--- Directions ---
Return exactly the lines of the records below, starting at the line that contains "have [_ Au _ _ _] := u_split; move=> m n nm." and ending at the line that contains "move=> ij; have", with both of those lines kept.

(Source information Opens)

Lemma colsmx_delta u l : colsmx u *m delta_mx l 0 = u l.
Proof.
apply/matrixP => a b; rewrite [b]ord1 !mxE (bigD1 l) //= !mxE !eqxx mulr1.
by rewrite big1 ?addr0 // => j jl; rewrite !mxE (negPf jl) mulr0.
Qed.

Lemma colsmx_unit u :
  (1%:M <= \sum_(i < d.+1) <<(u i)^T>>)%MS -> colsmx u \in unitmx.
Proof.
move=> u_span; rewrite -unitmx_tr -row_full_unit -sub1mx.
apply: submx_trans u_span _; apply/sumsmx_subP => i _; rewrite genmxE.
have -> : (u i)^T = row i (colsmx u)^T by apply/matrixP => a b; rewrite !mxE ord1.
exact: row_sub.
Qed.

Lemma colsmx_coord u X l a b m k : colsmx u \in unitmx ->
  X *m u l = a *: u l + b *: u m ->
  (invmx (colsmx u) *m X *m colsmx u) k l = a *+ (k == l) + b *+ (k == m).
Proof.
move=> Su Xu; rewrite [LHS]mx_entry_col -[_ *m delta_mx _ _]mulmxA colsmx_delta.
rewrite -mulmxA Xu mulmxDr -!scalemxAr -!colsmx_delta.
by rewrite !mulmxA mulVmx // !mul1mx !mxE !eqxx !andbT !mulr_natr.
Qed.

(* u_i spans U_i; the nonzero scalars c record (A - th_i) U_i = U_(i+1) and
   (As - ths_(i+1)) U_(i+1) = U_i. *)
Definition split_basis A As th ths (u : 'I_d.+1 -> 'cV[K]_d.+1) : Prop :=
  [/\ (1%:M <= \sum_(i < d.+1) <<(u i)^T>>)%MS,
      forall i j : 'I_d.+1, j = i.+1 :> nat ->
        exists2 c, c != 0 & A *m u i = th i *: u i + c *: u j,
      A *m u ord_max = th ord_max *: u ord_max,
      forall i j : 'I_d.+1, j = i.+1 :> nat ->
        exists2 c, c != 0 & As *m u j = ths j *: u j + c *: u i
    & As *m u ord0 = ths ord0 *: u ord0].

Lemma split_basis_rev A As th ths u : split_basis A As th ths u ->
  split_basis As A (ths \o @rev_ord d.+1) (th \o @rev_ord d.+1) (u \o @rev_ord d.+1).
Proof.
have rev_succ (i j : 'I_d.+1) : j = i.+1 :> nat -> rev_ord i = (rev_ord j).+1 :> nat.
  by move=> ji /=; have := ltn_ord j; lia.
have rev0 : rev_ord ord0 = ord_max :> 'I_d.+1 by apply: val_inj => /=; lia.
have revmax : rev_ord ord_max = ord0 :> 'I_d.+1 by apply: val_inj => /=; lia.
move=> [u_span Au Aud Asu Asu0]; split=> /=.
- by move: u_span; rewrite (reindex_inj rev_ord_inj).
- by move=> i j /rev_succ; apply: Asu.
- by rewrite revmax.
- by move=> i j /rev_succ; apply: Au.
- by rewrite rev0.
Qed.

Section SplitBasis.
Variables (A As : M) (th ths : 'I_d.+1 -> K) (u : 'I_d.+1 -> 'cV[K]_d.+1).
Hypothesis u_split : split_basis A As th ths u.

Local Notation S := (colsmx u).
Local Notation Es := (prim_idem As ths).

Lemma split_basis_unit : S \in unitmx.
Proof. by case: u_split => /colsmx_unit. Qed.

Lemma split_basis_dual_entry k l : exists c,
  (invmx S *m As *m S) k l = ths l *+ (k == l) + c *+ (k.+1 == l)%N.
Proof.
have [_ _ _ Asu Asu0] := u_split; have Su := split_basis_unit.
have [l0|lp] := posnP l.
  have -> : l = ord0 by apply: val_inj.
  exists 0; rewrite (colsmx_coord (a := ths ord0) (b := 0) (m := ord0) _ Su);
    by rewrite ?scale0r ?mul0rn ?addr0 ?Asu0.
have lt : (l.-1 < d.+1)%N by have := ltn_ord l; lia.
have [c _ Asul] := Asu (Ordinal lt) l (esym (ltn_predK lp)).
exists c; rewrite (colsmx_coord _ Su Asul); congr (_ + _ *+ _).
by rewrite -val_eqE /=; apply/eqP/eqP; lia.
Qed.

Lemma split_basis_dual_upper : upper_triangular (invmx S *m As *m S).
Proof.
move=> k l lk; have [c ->] := split_basis_dual_entry k l.
have /negPf -> : k != l by rewrite -val_eqE /=; apply/eqP; lia.
have /negPf -> : (k.+1 != l)%N by apply/eqP; lia.
by rewrite !mulr0n addr0.
Qed.

Lemma split_basis_dual_diag k : (invmx S *m As *m S) k k = ths k.
Proof.
have [c ->] := split_basis_dual_entry k k.
have /negPf -> : (k.+1 != k)%N by apply/eqP; lia.
by rewrite eqxx mulr0n addr0.
Qed.

Lemma split_basis_hessenberg : upper_hessenberg (invmx S *m A *m S).
Proof.
have [_ Au _ _ _] := u_split; move=> m n nm.
have lt : (n.+1 < d.+1)%N by have := ltn_ord m; lia.
have [c _ Aun] := Au n (Ordinal lt) erefl.
rewrite (colsmx_coord _ split_basis_unit Aun).
have /negPf -> : m != n by rewrite -val_eqE /=; apply/eqP; lia.
have /negPf -> : m != Ordinal lt by rewrite -val_eqE /=; apply/eqP; lia.
by rewrite !mulr0n addr0.
Qed.

Lemma split_basis_sub (i j : 'I_d.+1) :
  j = i.+1 :> nat -> (invmx S *m A *m S) j i != 0.
Proof.
have [_ Au _ _ _] := u_split; move=> ji; have [c c0 Aui] := Au i j ji.
rewrite (colsmx_coord _ split_basis_unit Aui) eqxx mulr1n.
have /negPf -> : j != i by rewrite -val_eqE /=; apply/eqP; lia.
by rewrite mulr0n add0r.
Qed.

Lemma split_basis_dual_idem_far (i j : 'I_d.+1) :
  (i.+1 < j)%N -> Es j *m A *m Es i = 0.
Proof.
move=> ij; have Su := split_basis_unit; apply/eqP.
rewrite -(conjmx_eq0 _ Su) conjmx_mul3 // -!prim_idem_conj //.
by rewrite (prim_idem_upper_hessenberg0 split_basis_dual_upper split_basis_dual_diag
  split_basis_hessenberg ij).
Qed.

Hypothesis ths_inj : injective ths.

Lemma split_basis_dual_idem_sub (i j : 'I_d.+1) :
  j = i.+1 :> nat -> Es j *m A *m Es i != 0.
Proof.
move=> ji; have Su := split_basis_unit.
rewrite -(conjmx_eq0 _ Su) conjmx_mul3 // -!prim_idem_conj //.
apply/eqP => /matrixP /(_ j i).
rewrite (prim_idem_upper_hessenberg_sub split_basis_dual_upper split_basis_dual_diag
  ths_inj split_basis_hessenberg ji) [X in _ = X]mxE.
by apply/eqP; exact: split_basis_sub.
Qed.

Lemma split_basis_dual_diagonalize : exists2 P, P \in unitmx &
  (forall j, invmx P *m Es j *m P = delta_mx j j) /\ is_diag_mx (invmx P *m As *m P).
Proof.
have Su := split_basis_unit.
have [Q Qu [QE QR]] := prim_idem_upper_diagonalize split_basis_dual_upper
  split_basis_dual_diag ths_inj.
exists (S *m Q); first by rewrite unitmx_mul Su.
split=> [j|]; rewrite conjmx_mul //; first by rewrite -prim_idem_conj.
by rewrite QR diag_mx_is_diag.
Qed.

End SplitBasis.

Definition colvec (U : M) : 'cV[K]_d.+1 := (nz_row U^T)^T.

Lemma colvecE (U : M) : \rank U = 1%N -> ((colvec U)^T :=: U^T)%MS.
Proof.
move=> rU; rewrite trmxK; apply/eqmxP.
rewrite -(mxrank_leqif_eq (nz_row_sub U^T)).2 rank_rV nz_row_eq0.
by rewrite -mxrank_eq0 mxrank_tr rU.
Qed.

Lemma colsp_eq_colvec X (U1 U2 : M) : \rank U1 = 1%N -> \rank U2 = 1%N ->
  colsp_eq (X *m U1) U2 -> exists2 c, c != 0 & X *m colvec U1 = c *: colvec U2.
Proof.
move=> rU1 rU2 /eqmxP XU12; have U1E := colvecE rU1; have U2E := colvecE rU2.
have XuE : ((X *m colvec U1)^T :=: (colvec U2)^T)%MS.
  rewrite trmx_mul; apply: eqmx_trans (eqmxMr _ U1E) _.
  by rewrite -trmx_mul; apply: eqmx_trans XU12 _; apply: eqmx_sym.
have /sub_rVP [c Xuc] : ((X *m colvec U1)^T <= (colvec U2)^T)%MS by rewrite XuE.
exists c; last by apply: trmx_inj; rewrite Xuc linearZ.
apply/eqP => c0; move: (eqmx_rank (introT eqmxP XuE)).
by rewrite Xuc c0 scale0r mxrank0 (eqmx_rank (introT eqmxP U2E)) mxrank_tr rU2.
Qed.

Lemma mulmx_colvec_eq0 X (U : M) : X *m U = 0 -> X *m colvec U = 0.
Proof.
move=> XU0; have /submxP [D DU] := nz_row_sub U^T.
by rewrite /colvec DU trmx_mul trmxK mulmxA XU0 mul0mx.
Qed.

Lemma split_decomposition_basis A As th ths U :
  split_decomposition A As th ths U -> split_basis A As th ths (colvec \o U).
Proof.
move=> [[rU [U_span _]] [AU [AUd [AsU AsU0]]]].
have shift X a v w : (X - a%:M) *m v = w -> X *m v = a *: v + w.
  by rewrite mulmxBl mul_scalar_mx => <-; rewrite addrC subrK.
split=> /=.
- suff -> : (\sum_i <<(colvec (U i))^T>> :=: \sum_i (U i)^T)%MS by rewrite U_span.
  by apply: eqmx_sums => i _; apply: eqmx_trans (genmxE _) (colvecE (rU i)).
- move=> i j ji; have [c c0 Xu] := colsp_eq_colvec (rU i) (rU j) (AU i j ji).
  by exists c => //=; apply: shift.
- by rewrite (shift _ _ _ _ _ (mulmx_colvec_eq0 AUd)) addr0.
- move=> i j ji; have [c c0 Xu] := colsp_eq_colvec (rU j) (rU i) (AsU i j ji).
  by exists c => //=; apply: shift.
- by rewrite (shift _ _ _ _ _ (mulmx_colvec_eq0 AsU0)) addr0.
Qed.

Definition idem_irred_tridiagonal X (E : 'I_d.+1 -> M) : Prop :=
  forall i j : 'I_d.+1,
    ((i.+1 < j)%N \/ (j.+1 < i)%N -> E i *m X *m E j = 0) /\
    (j = i.+1 :> nat \/ i = j.+1 :> nat -> E i *m X *m E j != 0).

Definition tridiagonal_eigenbasis X Y : Prop :=
  exists P : M, P \in unitmx /\
    irred_tridiagonal (mx_in_basis P X) /\ is_diag_mx (mx_in_basis P Y).

Lemma leonard_pairE A As :
  leonard_pair A As = (tridiagonal_eigenbasis A As /\ tridiagonal_eigenbasis As A).
Proof. by []. Qed.

Lemma leonard_systemE A As E Es : leonard_system A As E Es <->
  idem_irred_tridiagonal A Es /\ idem_irred_tridiagonal As E.
Proof.
split=> [LS|[LEs LE] i j]; last by have [? ?] := LEs i j; have [? ?] := LE i j.
by split=> i j; have [? [? [? ?]]] := LS i j.
Qed.

Lemma idem_irred_tridiagonal_rev X (E E' : 'I_d.+1 -> M) :
  (forall j, E' j = E (rev_ord j)) ->
  idem_irred_tridiagonal X E' <-> idem_irred_tridiagonal X E.
Proof.
suff rev_imp (F F' : 'I_d.+1 -> M) : (forall j, F' j = F (rev_ord j)) ->
    idem_irred_tridiagonal X F -> idem_irred_tridiagonal X F'.
  by move=> EE'; split; apply: rev_imp => // j; rewrite EE' rev_ordK.
move=> FF' F_tri i j; have [far adj] := F_tri (rev_ord i) (rev_ord j); rewrite !FF'.
by split=> ij; [apply: far | apply: adj]; move: ij => /=;
  have := ltn_ord i; have := ltn_ord j; lia.
Qed.

Lemma split_basis_tridiagonal_eigenbasisP A As th ths u :
  split_basis A As th ths u -> injective ths ->
  tridiagonal_eigenbasis A As <-> idem_irred_tridiagonal A (prim_idem As ths).
Proof.
move=> u_split ths_inj; split=> [[P [Pu [PA PAs]]] i j|EsA].
  have EsAC := prim_idem_sandwich_eq0C ths Pu PAs PA.
  split=> [[ij|ji]|[ji|ij]].
  - by apply/eqP; rewrite EsAC; apply/eqP; exact: (split_basis_dual_idem_far u_split ij).
  - exact: (split_basis_dual_idem_far u_split ji).
  - by rewrite EsAC; exact: (split_basis_dual_idem_sub u_split ths_inj ji).
  - exact: (split_basis_dual_idem_sub u_split ths_inj ij).
have [P Pu [PEs PAs]] := split_basis_dual_diagonalize u_split ths_inj.
have EsA0 := idem_sandwich_eq0 A Pu PEs.
exists P; split=> //; split=> //; split=> x y xy.
  by apply/eqP; rewrite -EsA0; apply/eqP; apply: (EsA x y).1.
by rewrite -EsA0; apply: (EsA x y).2.
Qed.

(Source information Closes)

--- Finished task ---
have [_ Au _ _ _] := u_split; move=> m n nm.
have lt : (n.+1 < d.+1)%N by have := ltn_ord m; lia.
have [c _ Aun] := Au n (Ordinal lt) erefl.
rewrite (colsmx_coord _ split_basis_unit Aun).
have /negPf -> : m != n by rewrite -val_eqE /=; apply/eqP; lia.
have /negPf -> : m != Ordinal lt by rewrite -val_eqE /=; apply/eqP; lia.
by rewrite !mulr0n addr0.
Qed.

Lemma split_basis_sub (i j : 'I_d.+1) :
  j = i.+1 :> nat -> (invmx S *m A *m S) j i != 0.
Proof.
have [_ Au _ _ _] := u_split; move=> ji; have [c c0 Aui] := Au i j ji.
rewrite (colsmx_coord _ split_basis_unit Aui) eqxx mulr1n.
have /negPf -> : j != i by rewrite -val_eqE /=; apply/eqP; lia.
by rewrite mulr0n add0r.
Qed.

Lemma split_basis_dual_idem_far (i j : 'I_d.+1) :
  (i.+1 < j)%N -> Es j *m A *m Es i = 0.
Proof.
move=> ij; have Su := split_basis_unit; apply/eqP.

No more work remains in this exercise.